HOOFDSTUK III Planbatenfonds (... - ...)

Artikel 3. (15/04/2024- ...)

Uiterlijk in de maand die volgt op het kwartaal waarin de ontvangsten worden geïnd, voert de beheerder van het Planbatenfonds de doorstortingen uit van:
1°    het bedrag dat aan het BRV-fonds toekomt, zoals vermeld in artikel 2.6.17, §3, van de Vlaamse Codex Ruimtelijke Ordening;
2°    de bedragen die aan de betrokken provincies en gemeenten toekomen, zoals vermeld in artikel 2.6.17, §3, van de voormelde codex.

In het eerste lid wordt verstaan onder BRV-fonds: het BRV-fonds, zoals vermeld in artikel 1.6.1 van de voormelde codex.

HOOFDSTUK IV Bonificatie (... - ...)

Artikel 4. (01/09/2009- ...)

De bonificatie, vermeld in artikel 2.6.15 van de Vlaamse Codex Ruimtelijke Ordening, wordt pas verkregen indien en op het moment dat de heffing volledig werd voorafbetaald. De ambtenaar daartoe door de Vlaamse Regering gemachtigd of de door hem gedelegeerde ambtenaar verleent ambtshalve ontheffing van het gedeelte van de heffing ten belope van de aldus verkregen bonificatie.

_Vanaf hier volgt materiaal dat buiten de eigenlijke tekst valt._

(* For real zeros x, z of f and any multipliers l, expanding
   sum_i l_i (f_i z - f_i x) = 0 around x gives
     2 <sum_i l_i (a_i + A_i x), z - x> = - (z - x)^T (sum_i l_i A_i) (z - x).
   Hence if l lies in S^lin (resp. S^ed) and u is the image of l at x, then x is
   the strict minimiser over V_f of <u, .> (resp. of ||. - u||^2), so the pieces
   attached to distinct real points are disjoint.  As f is reduced, the Jacobian
   J_x at a real point is invertible, so l |-> J_x^T l is a linear isomorphism;
   pulling the matrix inequality back through its inverse presents each piece as
   a spectrahedral cone (resp. a spectrahedron).  The latter contains a ball
   around x, the image of the interior point l = 0 of S^ed. *)

Local Notation dotv p q := ((p^T *m q) ord0 ord0).
Local Notation bform M p q := ((p^T *m M *m q) ord0 ord0).

Section BilinearForms.
Variables (F : fieldType) (n : nat).
Implicit Types (M S : 'M[F]_n) (p q : 'cV[F]_n).

Lemma entryD m k (M N : 'M[F]_(m, k)) i j : (M + N) i j = M i j + N i j.
Proof. by rewrite mxE. Qed.

Lemma entryN m k (M : 'M[F]_(m, k)) i j : (- M) i j = - M i j.
Proof. by rewrite mxE. Qed.

Lemma entryZ m k c (M : 'M[F]_(m, k)) i j : (c *: M) i j = c * M i j.
Proof. by rewrite mxE. Qed.

Lemma entryT m k (M : 'M[F]_(m, k)) i j : M^T j i = M i j.
Proof. by rewrite mxE. Qed.

Definition entryE := (entryD, entryN, entryZ).

Lemma symmetricmxP M : reflect (M^T = M) (M \is symmetricmx).
Proof.
rewrite is_hermitianmxE expr0 scale1r map_mx_id // eq_sym.
exact: eqP.
Qed.

Lemma dotvC p q : dotv p q = dotv q p.
Proof. by rewrite -entryT trmx_mul trmxK. Qed.

Lemma bformC S p q : S \is symmetricmx -> bform S p q = bform S q p.
Proof.
by move=> /symmetricmxP symS; rewrite -entryT !trmx_mul trmxK symS mulmxA.
Qed.

Lemma dotv_suml (I : finType) (c : I -> F) (w : I -> 'cV[F]_n) q :
  dotv (\sum_i c i *: w i) q = \sum_i c i * dotv (w i) q.
Proof.
rewrite linear_sum mulmx_suml summxE; apply: eq_bigr => i _.
by rewrite linearZ -scalemxAl entryZ.
Qed.

Lemma bform_suml (I : finType) (c : I -> F) (M : I -> 'M[F]_n) p q :
  bform (\sum_i c i *: M i) p q = \sum_i c i * bform (M i) p q.
Proof.
rewrite mulmx_sumr mulmx_suml summxE; apply: eq_bigr => i _.
by rewrite -scalemxAr -scalemxAl entryZ.
Qed.

Lemma bformN M p q : bform (- M) p q = - bform M p q.
Proof. by rewrite mulmxN mulNmx entryN. Qed.

Lemma bform1B M p q : bform (1%:M - M) p q = dotv p q - bform M p q.
Proof. by rewrite mulmxBr mulmx1 mulmxBl entryD entryN. Qed.

Lemma quad_eval_subr S b c x z : S \is symmetricmx ->
  quad_eval S b c z - quad_eval S b c x =
  bform S (z - x) (z - x) + 2 * dotv (b + S *m x) (z - x).
Proof.
move=> symS; rewrite -[in LHS](subrK x z); move: (z - x) => d.
rewrite /quad_eval !raddfD /= !mulmxDl !entryD (bformC d x symS).
move/symmetricmxP: symS; rewrite trmx_mul => ->; ring.
Qed.

End BilinearForms.

Section PositiveForms.
Variables (R : realFieldType) (n : nat).
Implicit Types (M : 'M[R]_n) (v : 'cV[R]_n).

Definition entry_abs_sum M := \sum_j \sum_k `|M j k|.

Lemma dotv_sqr v : dotv v v = \sum_j v j ord0 ^+ 2.
Proof. by rewrite mxE; apply: eq_bigr => j _; rewrite mxE expr2. Qed.

Lemma sqr_coord_le_dotv v j : v j ord0 ^+ 2 <= dotv v v.
Proof.
rewrite dotv_sqr (bigD1 j) //= lerDl.
by apply: sumr_ge0 => i _; apply: sqr_ge0.
Qed.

HOOFDSTUK V Slotbepalingen (... - ...)

Artikel 5. (15/04/2024- ...)

...

Artikel 6. (01/09/2009- ...)

Dit besluit treedt in werking op 1 september 2009.

Artikel 7. (01/09/2009- ...)

De Vlaamse minister, bevoegd voor financiën en begroting en ruimtelijke ordening, belast met de uitvoering van dit besluit.